Provide real benchmarking by running the pipeline on a representative sample and measuring time, memory, and error rates. The cell below is a mock skeleton to adapt.

In [None]:

# Benchmarking skeleton (mock). Replace with actual batch processing code.
import time, random

def mock_process_batch(n):
    start = time.time()
    # simulate variable processing time per doc (LLM slower than heuristic)
    times = [random.uniform(0.001, 0.005) for _ in range(n)]  # heuristic
    total = sum(times)
    time.sleep(min(total, 0.5))  # simulate
    return total

n = 10000
elapsed = mock_process_batch(n)
throughput = n / elapsed
print(f"Mock throughput: {throughput:.1f} docs/sec (heuristic simulated). For 3M docs: approx {3_000_000/throughput/3600:.1f} hours")



## Step 7 — Validation & Acceptance Checks

Because no golden dataset is available, use a combination of:
- Deterministic regex checks for critical fields (CUI, CAEN, dates, registration numbers).
- Manual review of random samples (stratified by subtype).
- Cross-check LLM outputs with heuristic extractions and flag mismatches.
- Keep track of precision/recall metrics on the manual samples.

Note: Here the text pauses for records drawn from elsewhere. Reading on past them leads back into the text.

Lemma sym_mx3_spectral_simple S m0 m1 m2 : S^T = S ->
  m0 != m1 -> m0 != m2 -> m1 != m2 ->
  (S - m0%:M) *m (S - m1%:M) *m (S - m2%:M) = 0 ->
  \tr S = m0 + m1 + m2 -> \tr (S *m S) = m0 ^+ 2 + m1 ^+ 2 + m2 ^+ 2 ->
  exists2 E, orthoframe E & S = frame_mx E (vec3 m0 m1 m2).
Proof.
move=> ST n01 n02 n12 CH trS trS2.
have [n10 n20 n21] : [/\ m1 != m0, m2 != m0 & m2 != m1].
  by rewrite eq_sym n01 eq_sym n02 eq_sym n12.
pose F a b := (S - a%:M) *m (S - b%:M).
have FT a b : (F a b)^T = F a b by rewrite trmx_mul !trmx_sub_scalar // scalar_sub_mxC.
have FS a b c : F a b *m (S - c%:M) = 0 -> F a b *m S = c *: F a b.
  by move=> h; apply/eqP; rewrite -subr_eq0 -mul_mx_scalar -mulmxBr h.
have FF a b c d e : F a b *m S = c *: F a b ->
    F a b *m F d e = ((c - d) * (c - e)) *: F a b.
  move=> h; have Fsub x : F a b *m (S - x%:M) = (c - x) *: F a b.
    by rewrite mulmxBr h mul_mx_scalar scalerBl.
  by rewrite mulmxA Fsub -scalemxAl Fsub scalerA.
have F0S : F m1 m2 *m S = m0 *: F m1 m2.
  apply: FS; rewrite /F -mulmxA (scalar_sub_mxC S m2 m0) mulmxA.
  by rewrite (scalar_sub_mxC S m1 m0).
have F1S : F m0 m2 *m S = m1 *: F m0 m2.
  by apply: FS; rewrite /F -mulmxA (scalar_sub_mxC S m2 m1) mulmxA.
have F2S : F m0 m1 *m S = m2 *: F m0 m1 by exact: FS.
have trF a b : \tr (F a b) = \tr (S *m S) - (a + b) * \tr S + 3 * (a * b).
  by rewrite /F mulmx_scalar_sub !raddfD raddfN /= mxtraceZ mxtrace_scalar mulr_natl.
pose E0 := ((m0 - m1) * (m0 - m2))^-1 *: F m1 m2.
pose E1 := ((m1 - m0) * (m1 - m2))^-1 *: F m0 m2.
pose E2 := ((m2 - m0) * (m2 - m1))^-1 *: F m0 m1.
have scaleM (x y : R) (X Y : 'M[R]_3) : (x *: X) *m (y *: Y) = (x * y) *: (X *m Y).
  by rewrite -scalemxAl -scalemxAr scalerA.
exists (vec3 E0 E1 E2).
  apply: orthoframe3.
  - by split; rewrite linearZ /= FT.
  - split; rewrite /E0 /E1 /E2 scaleM ?(FF _ _ _ _ _ F0S) ?(FF _ _ _ _ _ F1S);
    by rewrite ?(FF _ _ _ _ _ F2S) scalerA divfK // mulf_neq0 // subr_eq0.
  - split; rewrite /E0 /E1 /E2 scaleM ?(FF _ _ _ _ _ F0S) ?(FF _ _ _ _ _ F1S);
    by rewrite subrr ?mul0r ?mulr0 scale0r scaler0.
  - apply: mx3P; rewrite /E0 /E1 /E2 /F; mx3_simpl; field;
    by rewrite !subr_eq0 ?n01 ?n02 ?n12 ?n10 ?n20 ?n21.
  - split; rewrite mxtraceZ trF trS trS2; field;
    by rewrite !subr_eq0 ?n01 ?n02 ?n12 ?n10 ?n20 ?n21.
rewrite frame_mx_vec3; apply: mx3P; rewrite /E0 /E1 /E2 /F; mx3_simpl; field;
by rewrite !subr_eq0 ?n01 ?n02 ?n12 ?n10 ?n20 ?n21.
Qed.

Lemma sym_mx3_spectral_double S m m2 : S^T = S -> m != m2 ->
  (S - m%:M) *m (S - m%:M) *m (S - m2%:M) = 0 -> \tr S = m + m + m2 ->
  exists2 E, orthoframe E & S = frame_mx E (vec3 m m m2).
Proof.
move=> ST nm CH trS.
have dm : m2 - m != 0 by rewrite subr_eq0 eq_sym.
set G := S - m%:M.
have GT : G^T = G by exact: trmx_sub_scalar.
have GS : G *m S = m2 *: G.
  suff G0 : G *m (S - m2%:M) = 0.
    by apply/eqP; rewrite -subr_eq0 -mul_mx_scalar -mulmxBr G0.
  apply: sym_mx3_sqr_eq0; first by rewrite trmx_mul !trmx_sub_scalar // scalar_sub_mxC.
  rewrite -!mulmxA (mulmxA (S - m2%:M)) (scalar_sub_mxC S m2 m) !mulmxA.
  by rewrite -/G CH mul0mx.
set L2 := (m2 - m)^-1 *: G; set L := 1%:M - L2.
have L2L2 : L2 *m L2 = L2.
  rewrite -scalemxAl -scalemxAr {2}/G mulmxBr GS mul_mx_scalar -scalerBl !scalerA.
  by rewrite mulrAC mulVf // mul1r.
have L2T : L2^T = L2 by rewrite linearZ /= GT.
have LT : L^T = L by rewrite linearB /= trmx1 L2T.
have LL2 : L *m L2 = 0 by rewrite mulmxBl mul1mx L2L2 subrr.
have L2L : L2 *m L = 0 by rewrite mulmxBr mulmx1 L2L2 subrr.
have LL : L *m L = L by rewrite {1}/L mulmxBl mul1mx L2L subr0.
have trL2 : \tr L2 = 1.
  by rewrite mxtraceZ raddfB /= mxtrace_scalar trS; field.
have trL : \tr L = 2 by rewrite raddfB /= mxtrace_scalar trL2; ring.
have [k Lkk] : exists k, L k k != 0.
  case/boolP: [exists k, L k k != 0] => [/existsP // | /existsPn L0].
  move: trL; rewrite /mxtrace big1 => [/eqP|k _]; first by rewrite eq_sym pnatr_eq0.
  by apply/eqP/negPn/L0.
have [P [PT PP trP] [LP PL]] := sym_idem_split LT LL Lkk.
exists (vec3 P (L - P) L2); last first.
  rewrite frame_mx_vec3 -scalerDr (addrC P) subrK /L scalerBr addrAC -addrA -scalerBl.
  by rewrite /L2 scalerA mulfV // scale1r scalemx1 /G addrC subrK.
have L_L2 : L + L2 = 1%:M by rewrite subrK.
clearbody L; apply: orthoframe3.
- by split; rewrite // linearB /= LT PT.
- by split=> //; rewrite mulmxBl !mulmxBr LL LP PL PP subrr subr0.
- split; first by rewrite mulmxBr PL PP subrr.
    by rewrite -PL -mulmxA LL2 mulmx0.
  by rewrite mulmxBl LL2 -PL -mulmxA LL2 mulmx0 subrr.
- by rewrite (addrC P) subrK.
- by split; rewrite // raddfB /= trL trP; ring.
Qed.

Example deterministic check:
- CUI must be 8 digits (optionally preceded by 'RO').
- CAEN codes are 3-4 digits.
- Dates must match dd.mm.yyyy or yyyy-mm-dd after normalization.


## Process Diagram

The diagram below shows the recommended pipeline. Rendered as mermaid in supporting viewers.


```mermaid
flowchart TD
    A[Raw HTML issues iLegis / Lege5] --> B[Run initial parser ]
    B --> C[Segment into entries]
    C --> D[Categorize entries SRL / SA / PFA / ...]
    D --> E{SRL?}
    E -- Yes --> F[Subtype detection]
    F --> G1[Heuristic parsers - modular per subtype]
    F --> G2[LLM structured output - PydanticAI]
    G1 --> H1[Deterministic validation - regex]
    G2 --> H2[Cross-check with heuristics & hallucination detection]
    H1 --> I[Benchmarking & throughput measurement]
    H2 --> I
    I --> J[Choose final pipeline & run at scale]
    E -- No --> K[Route to SA or other processing pipelines]
```


## Next steps

1. Replace selector heuristics with exact BeautifulSoup selectors for Lege5 HTML files.
2. Prepare a small validation sample for manual review (100-500 documents), stratified by subtype.
3. If using LLMs, create a mapping between PydanticAI `Output` models and the `schema` above.
4. Run benchmarks; collect throughput.
5. Iterate: if heuristics reach >80% for SRL, scale; otherwise shift to LLM approach but ensure hallucination detection and cost feasibility.